The larger the changesets are, the greater the risk of divergence and the more complicated the remediation may be.

If incompatibilities go unnoticed until late in the process, you can expect:

  • delayed releases
  • missed release schedules
  • flawed releases that must be rolled back
  • error reports from customers

These are common problems in corporate software development arising from the same underlying cause.

These issues don’t occur in single-developer projects or when a small, tight team works on a greenfield project. You simply don’t encounter these problems when only one group of people works on one codebase with a single changeset at a time.

People from small, nimble startups who join their first large corporate development team are unprepared for problems of scale. The same is true for university graduates who have mostly worked solo on class assignments or in small groups.

Integration problems are problems of scale.

Significant factors for these integration problems are:

  • The number of parallel changes
  • The size of each changeset
  • Deferring discovery of issues until it’s too late to recover gracefully

How To Reduce Difficulty

Limit The Number of Parallel Activities

Sharing a codebase across many teams requires finesses and solid product knowledge, but several time-honored approaches are used with some success.

  • Only do one thing to a product at a time. This is hard to do at scale, because growing the organization is typically only done so that you can achieve more than one thing at a time. However, if you can do only one thing at a time in one codebase, you eliminate all the chances for collision.
  • Only one small change per changeset Otherwise, you have several parallel activities to merge at once, and the chance of collisions and incompatibilities is increased. Individuals being focused results in more focused integration. This will mean more integrations, but each will be simpler.
  • Separate fixing work from new feature work can help minimize integration failures. Defects are (by nature) identified in existing code, whereas new features tend to involve creating new code. There may be some overlap, but it is minimized. Separating work this way may run counter to business priorities when the focus is on new features, and there is still a risk that some oversized core modules will receive conflicting changes.
  • Ensure that parallel features affect different areas of the codebase. Doing this requires intimate knowledge of the source code since things that seem unrelated in the eyes of users (and non-technical managers) may connect tightly in the codebase. This also may run counter to business priorities by delaying highly desired but risky, changes.
  • Limiting radial changes while implementing a feature can minimize merge collisions but also leaves the code with accumulated neglect (often called technical debt). There must be a follow-on task to return to the code and rationalize the design. This technique trades one set of technical risks for another, so be sure that you are solving the more troubling issue.
  • More modularity of design and the use of interfaces can help to make parts of the system independently modifiable. This is one of the useful features of Hexagonal Architecture.
  • While I have no significant experience in Event Driven Architecture, I am often told that it solves a lot of problems via modularity and repeatability, so that one can replace entire services without upset, and can run old versions of an app in parallel with new ones to judge readiness for switch-over.

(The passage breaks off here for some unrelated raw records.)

(* Let $\mathbb{R}^{3,1}$ denote $\mathbb{R}^4$ with the inner product $\langle\langle X,Y\rangle\rangle = X_1Y_1+X_2Y_2+X_3Y_3-X_4Y_4$. Let $S\colon \mathbb{R}^2\to\mathbb{R}^{3,1}$ be a regular smooth net and let $P$ be an attached tangent isotropic hyperplane congruence of $S$ (definitions in the context). Let $N(u,v)$ be a normal vector (with respect to $\langle\langle\cdot,\cdot\rangle\rangle$) to $P(u,v)$ depending smoothly on $(u,v)$, and set $$L_P:=\langle\langle S_{uu},N\rangle\rangle=-\langle\langle S_u,N_u\rangle\rangle,\quad M_P:=\langle\langle S_{uv},N\rangle\rangle=-\langle\langle S_u,N_v\rangle\rangle=-\langle\langle S_v,N_u\rangle\rangle,\quad N_P:=\langle\langle S_{vv},N\rangle\rangle=-\langle\langle S_v,N_v\rangle\rangle .$$ Then two non-parallel tangent vectors $A=a_1S_u+a_2S_v$ and $B=b_1S_u+b_2S_v$ at a surface point $S(u,v)$ are L-conjugate with respect to $P$ if and only if $$L_Pa_1b_1+M_P(a_1b_2+a_2b_1)+N_Pa_2b_2=0 .$$
   Context: An isotropic hyperplane ($\gamma$-hyperplane) in $\mathbb{R}^{3,1}$ is a hyperplane of the form $\{(x,x_4)\in\mathbb{R}^3\times\mathbb{R}: x_4=\langle n,x\rangle+h\}$ with $n\in\mathbb{R}^3$ a Euclidean unit vector and $h\in\mathbb{R}$; its normal vector $(n,1)$ is isotropic. A regular smooth net is a smooth map $S\colon\mathbb{R}^2\to\mathbb{R}^{3,1}$ with $S_u(u,v)$ not parallel to $S_v(u,v)$ at every $(u,v)$. An attached tangent isotropic hyperplane congruence is a smooth map $P$ assigning to each $(u,v)$ an isotropic hyperplane $P(u,v)$ such that $S(u,v)\in P(u,v)$ and $S_u(u,v),S_v(u,v)$ are parallel to $P(u,v)$. A reparametrization of $(S,P)$ is $(S\circ D,P\circ D)$ for a diffeomorphism $D\colon\mathbb{R}^2\to\mathbb{R}^2$. Two non-parallel tangent vectors $T_1,T_2$ at a surface point $X=S(u,v)$ are called L-conjugate with respect to $P$ if there is a reparametrization $(\bar S,\bar P)$ of $(S,P)$ such that, at the parameter corresponding to $X$, $\bar S_u\parallel T_1$, $\bar S_v\parallel T_2$, and $\bar S_u,\bar S_v,\bar S_{uv}$ are all parallel to the hyperplane $\bar P$. *)

From Stdlib Require Import Reals List.
From Coquelicot Require Import Coquelicot.
Open Scope R_scope.
Definition entails D1 D2 := forall f, f \in D2 -> f.2 \subset attr_closure D1 f.1.

Lemma entails_closure D1 D2 X :
  entails D1 D2 -> attr_closure D2 X \subset attr_closure D1 X.
Proof.
move=> h; apply: attr_closure_min (subset_attr_closure _ _) _.
apply/fd_closedP => f fD f1.
exact: subset_trans (h f fD) (attr_closure_sub f1).
Qed.

Lemma sub_entails D1 D2 : D2 \subset D1 -> entails D1 D2.
Proof. by move=> sD f fD; apply: fd_attr_closure (subsetP sD f fD). Qed.

Lemma entails_trans D1 D2 D3 : entails D1 D2 -> entails D2 D3 -> entails D1 D3.
Proof. by move=> h12 h23 f fD; apply: subset_trans (h23 f fD) (entails_closure _ h12). Qed.

Lemma attr_closure_eq D1 D2 :
  entails D1 D2 -> entails D2 D1 -> attr_closure D1 =1 attr_closure D2.
Proof. by move=> h12 h21 X; apply/eqP; rewrite eqEsubset !entails_closure. Qed.

Lemma bigcup_imset_set1 S : \bigcup_(A in [set [set u] | u in S]) A = S.
Proof.
apply/setP => x; apply/bigcupP/idP => [[A /imsetP[u uS ->]]|xS].
  by rewrite inE => /eqP ->.
by exists [set x]; [apply: imset_f | rewrite inE].
Qed.

Lemma attr_semS R R' : R \subset R' -> attr_sem R \subset attr_sem R'.
Proof. by move=> sR; apply/bigcupsP => a aR; apply: bigcup_sup (subsetP sR a aR). Qed.

Lemma BCNF_subset D R R' : R' \subset R -> BCNF D R -> BCNF D R'.
Proof.
move=> sR hR A B AR' BR' nBA hAB.
apply: subset_trans (attr_semS sR) (hR A B _ _ nBA hAB); exact: subset_trans sR.
Qed.
(* Let $(Y,X,A)$ be a random triple with $Y\in\mathbb{R}$, $X\in\mathcal{X}\subset\mathbb{R}^d$ having density $p(x)$, and $A\in\{0,1\}$, with $\mathbb{E}[Y^2]<\infty$. Define the response functions $\mu_a(x)=\mathbb{E}[Y\mid X=x,A=a]$ for $a\in\{0,1\}$, the propensity score $e(x)=\mathbb{P}(A=1\mid X=x)$, the conditional mean outcome $m(x)=\mathbb{E}[Y\mid X=x]$, and $\tau(x)=\mu_1(x)-\mu_0(x)$. For $a\in\{0,1\}$ let $\sigma_y^2(x;a)=\int (y-\mu_a(x))^2\, p(y\mid X=x, A=a)\,dy$ and $\tilde\sigma_B^2(a)=\int_{\mathcal{X}}\sigma_y^2(x;a)\,p(x;a)\,dx$, where $p(x;a)$ denotes the joint density of $(X=x,A=a)$. Let $f:\mathcal{X}\times\{0,1\}\to\mathbb{R}$ be an outcome model (with $\mathbb{E}[f(X,a)^2]<\infty$) and $\tau_f(x)=f(x,1)-f(x,0)$. Define $$R\text{-risk}^*(f)=\mathbb{E}\Big[\big((Y-m(X))-(A-e(X))\,\tau_f(X)\big)^2\Big].$$ Then $$R\text{-risk}^*(f)=\int_{\mathcal{X}} e(x)\big(1-e(x)\big)\big(\tau(x)-\tau_f(x)\big)^2\,p(x)\,dx+\tilde\sigma_B^2(1)+\tilde\sigma_B^2(0).$$
   Context: Setting of binary-treatment causal inference in the potential outcomes framework; under the standard strong ignorability assumptions $\tau(x)=\mu_1(x)-\mu_0(x)$ is the conditional average treatment effect, and $\int (\tau(x)-\tau_f(x))^2p(x)dx$ is the oracle ''$\tau$-risk'' of $f$. The risk $R\text{-risk}^*$ is the semi-oracle R-risk, using the true nuisances $m$ and $e$. *)

From HB Require Import structures.
From mathcomp Require Import all_boot all_order all_algebra.
From mathcomp Require Import all_classical all_reals all_analysis.

Set Implicit Arguments.
Unset Strict Implicit.
Unset Printing Implicit Defensive.

Import Order.TTheory GRing.Theory Num.Theory.
Import numFieldNormedType.Exports.

Local Open Scope classical_set_scope.
Local Open Scope ring_scope.
Local Open Scope ereal_scope.

(* Model of the random triple (Y, X, A):
   - X takes values in a measurable space T, with density p w.r.t. a
     reference measure mu (Lebesgue measure on X ⊂ R^d in the paper);
   - given X = x, A ~ Bernoulli(e x)  (so e is the propensity score);
   - given X = x, A = a, the conditional law of Y is the probability
     measure K a x on R (a probability kernel from T to R).
   The treatment A ∈ {0,1} is encoded as a boolean (true = 1). *)

Section model.
Context {R : realType} {d : measure_display} {T : measurableType d}.
Variables (mu : {measure set T -> \bar R}) (p e : T -> R)
          (K : bool -> R.-pker T ~> R).

Definition condE (g : R -> bool -> \bar R) (x : T) : \bar R :=
  (e x)%:E * \int[K true x]_y g y true
  + (1 - e x)%:E * \int[K false x]_y g y false.

Definition Expect (g : R -> T -> bool -> \bar R) : \bar R :=
  \int[mu]_x ((p x)%:E * condE (fun y a => g y x a) x).

Definition pxa (x : T) (a : bool) : R :=
  p x * (if a then e x else 1 - e x)%R.

Definition resp (a : bool) (x : T) : R := fine (\int[K a x]_y y%:E).

Definition mout (x : T) : R := fine (condE (fun y _ => y%:E) x).

Definition tau (x : T) : R := (resp true x - resp false x)%R.

Definition sigma2 (a : bool) (x : T) : \bar R :=
  \int[K a x]_y (((y - resp a x) ^+ 2)%R)%:E.

Definition sigmaB2 (a : bool) : \bar R :=
  \int[mu]_x ((pxa x a)%:E * sigma2 a x).

Definition tau_f (f : T -> bool -> R) (x : T) : R := (f x true - f x false)%R.

Definition R_risk_star (f : T -> bool -> R) : \bar R :=
  Expect (fun y x a =>
    ((((y - mout x) - ((a%:R : R) - e x) * tau_f f x) ^+ 2)%R)%:E).

End model.

From HB Require Import structures.
From mathcomp Require Import all_boot all_order all_algebra.
From mathcomp Require Import all_classical all_reals all_analysis.
From mathcomp Require Import measurable_realfun ring lra.

Import Order.TTheory GRing.Theory Num.Theory.
Import numFieldNormedType.Exports.

Local Open Scope classical_set_scope.
Local Open Scope ring_scope.
Local Open Scope ereal_scope.

(* Fix x and condition on A.  Since m = e mu_1 + (1 - e) mu_0, the residual is
   Y - (m + (1 - e) tau_f) when A = 1 and Y - (m - e tau_f) when A = 0.  The
   bias-variance identity E (Y - c)^2 = Var Y + (E Y - c)^2 under each
   conditional law of Y turns the two conditional risks into
   sigma_y^2(x;1) + (1 - e)^2 (tau - tau_f)^2 and sigma_y^2(x;0) + e^2 (tau - tau_f)^2;
   weighting them by e and 1 - e leaves e (1 - e) (tau - tau_f)^2.  Integrating
   against p is linearity of nonnegative integrals.  Everything lives in
   [0, +oo]: if a conditional law of positive weight has no finite mean, both
   sides are +oo. *)

Section ereal_mixture.
Context {R : realType}.

Lemma fine_mixture (a b : R) (x y : \bar R) :
  (a = 0%R \/ x \is a fin_num) -> (b = 0%R \/ y \is a fin_num) ->
  fine (a%:E * x + b%:E * y) = (a * fine x + b * fine y)%R.
Proof.
case=> [->|xfin] [->|yfin]; rewrite ?mul0e ?mul0r ?add0e ?adde0 ?add0r ?addr0 //.
- by rewrite -[in LHS](fineK yfin).
- by rewrite -[in LHS](fineK xfin).
- by rewrite -[in LHS](fineK xfin) -[in LHS](fineK yfin).
Qed.

Lemma ge0_mixture_regroup (p a b x1 x0 : R) (S1 S0 : \bar R) :
  (0 <= p)%R -> (0 <= a)%R -> (0 <= b)%R -> (0 <= x1)%R -> (0 <= x0)%R ->
  0 <= S1 -> 0 <= S0 ->
  p%:E * (a%:E * (S1 + x1%:E) + b%:E * (S0 + x0%:E)) =
  (p * (a * x1 + b * x0))%:E + ((p * a)%:E * S1 + (p * b)%:E * S0).
Proof.
move=> p0 a0 b0 x10 x00 S10 S00.
have aS1 : 0 <= a%:E * S1 by rewrite mule_ge0.
have bS0 : 0 <= b%:E * S0 by rewrite mule_ge0.
have -> : a%:E * (S1 + x1%:E) = a%:E * S1 + (a * x1)%:E by rewrite ge0_muleDr.
have -> : b%:E * (S0 + x0%:E) = b%:E * S0 + (b * x0)%:E by rewrite ge0_muleDr.
rewrite addeACA addeC !ge0_muleDr ?adde_ge0 ?lee_fin ?mulr_ge0 //.
by rewrite !muleA -!EFinM mulrDr EFinD.
Qed.

Lemma EFinD_eq_or_pinfty (r s : R) (x : \bar R) :
  x = +oo \/ r = s -> r%:E + x = s%:E + x.
Proof. by case=> [->|->]. Qed.

End ereal_mixture.

Section second_moment.
Context {R : realType}.
Variable P : {measure set R -> \bar R}.
Hypothesis P1 : P setT = 1.

Definition mean : R := fine (\int[P]_y y%:E).

Lemma measurable_sqr_sub (c : R) :
  measurable_fun setT (fun y : R => (((y - c) ^+ 2)%R)%:E).
Proof. by apply/measurable_EFinP; apply: measurable_funX; exact: measurable_funB. Qed.

Lemma integral_sqr_sub_ge0 (c : R) : 0 <= \int[P]_y (((y - c) ^+ 2)%R)%:E.
Proof. by apply: integral_ge0 => y _; rewrite lee_fin sqr_ge0. Qed.

Lemma prob_integrable_cst (k : R) : P.-integrable setT (fun _ => k%:E).
Proof.
apply/integrableP; split; first exact: measurable_cst.
by rewrite integral_cst //= P1 mule1 ltry.
Qed.

Lemma prob_integral_cst (k : R) : \int[P]_y k%:E = k%:E.
Proof. by rewrite integral_cst //= P1 mule1. Qed.

Lemma integrable_id_of_sqr : P.-integrable setT (fun y => ((y ^+ 2)%R)%:E) ->
  P.-integrable setT (fun y => y%:E).
Proof.
move=> sqrI.
have sqr1I : P.-integrable setT (fun y => ((1 + y ^+ 2)%R)%:E).
  under eq_fun do rewrite EFinD.
  exact: integrableD (prob_integrable_cst 1) sqrI.
apply: (le_integrable measurableT _ _ sqr1I); first exact: EFin_measurable.
move=> y _; rewrite lee_fin; apply: le_trans (ler_norm _).
have : (`|y| ^+ 2 = y ^+ 2)%R by rewrite real_normK ?num_real.
have : (0 <= `|y|)%R by [].
nra.
Qed.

Avoiding incompatible changesets is an attractive idea, but hard to achieve for management. It requires intimate knowledge of the code and a commitment to rationalizing the design after adding features.

I wouldn’t rely on trying to avoid the issue since doing so lacks safety.

Once a collision or incompatibility sneaks into the changeset, if you spot it, you pay the full price to remedy the situation.

Let’s see what else we can do either in addition or instead of avoiding the problem.

Reduce Period of Isolated Code Development

If we do less work between integrations, we have smaller changesets with a lower chance of collision. Less code also means less effort to isolate and correct a fault.

We can have smaller changesets if we break our features into smaller sub-features, each one a fully working subset of the planned, final result.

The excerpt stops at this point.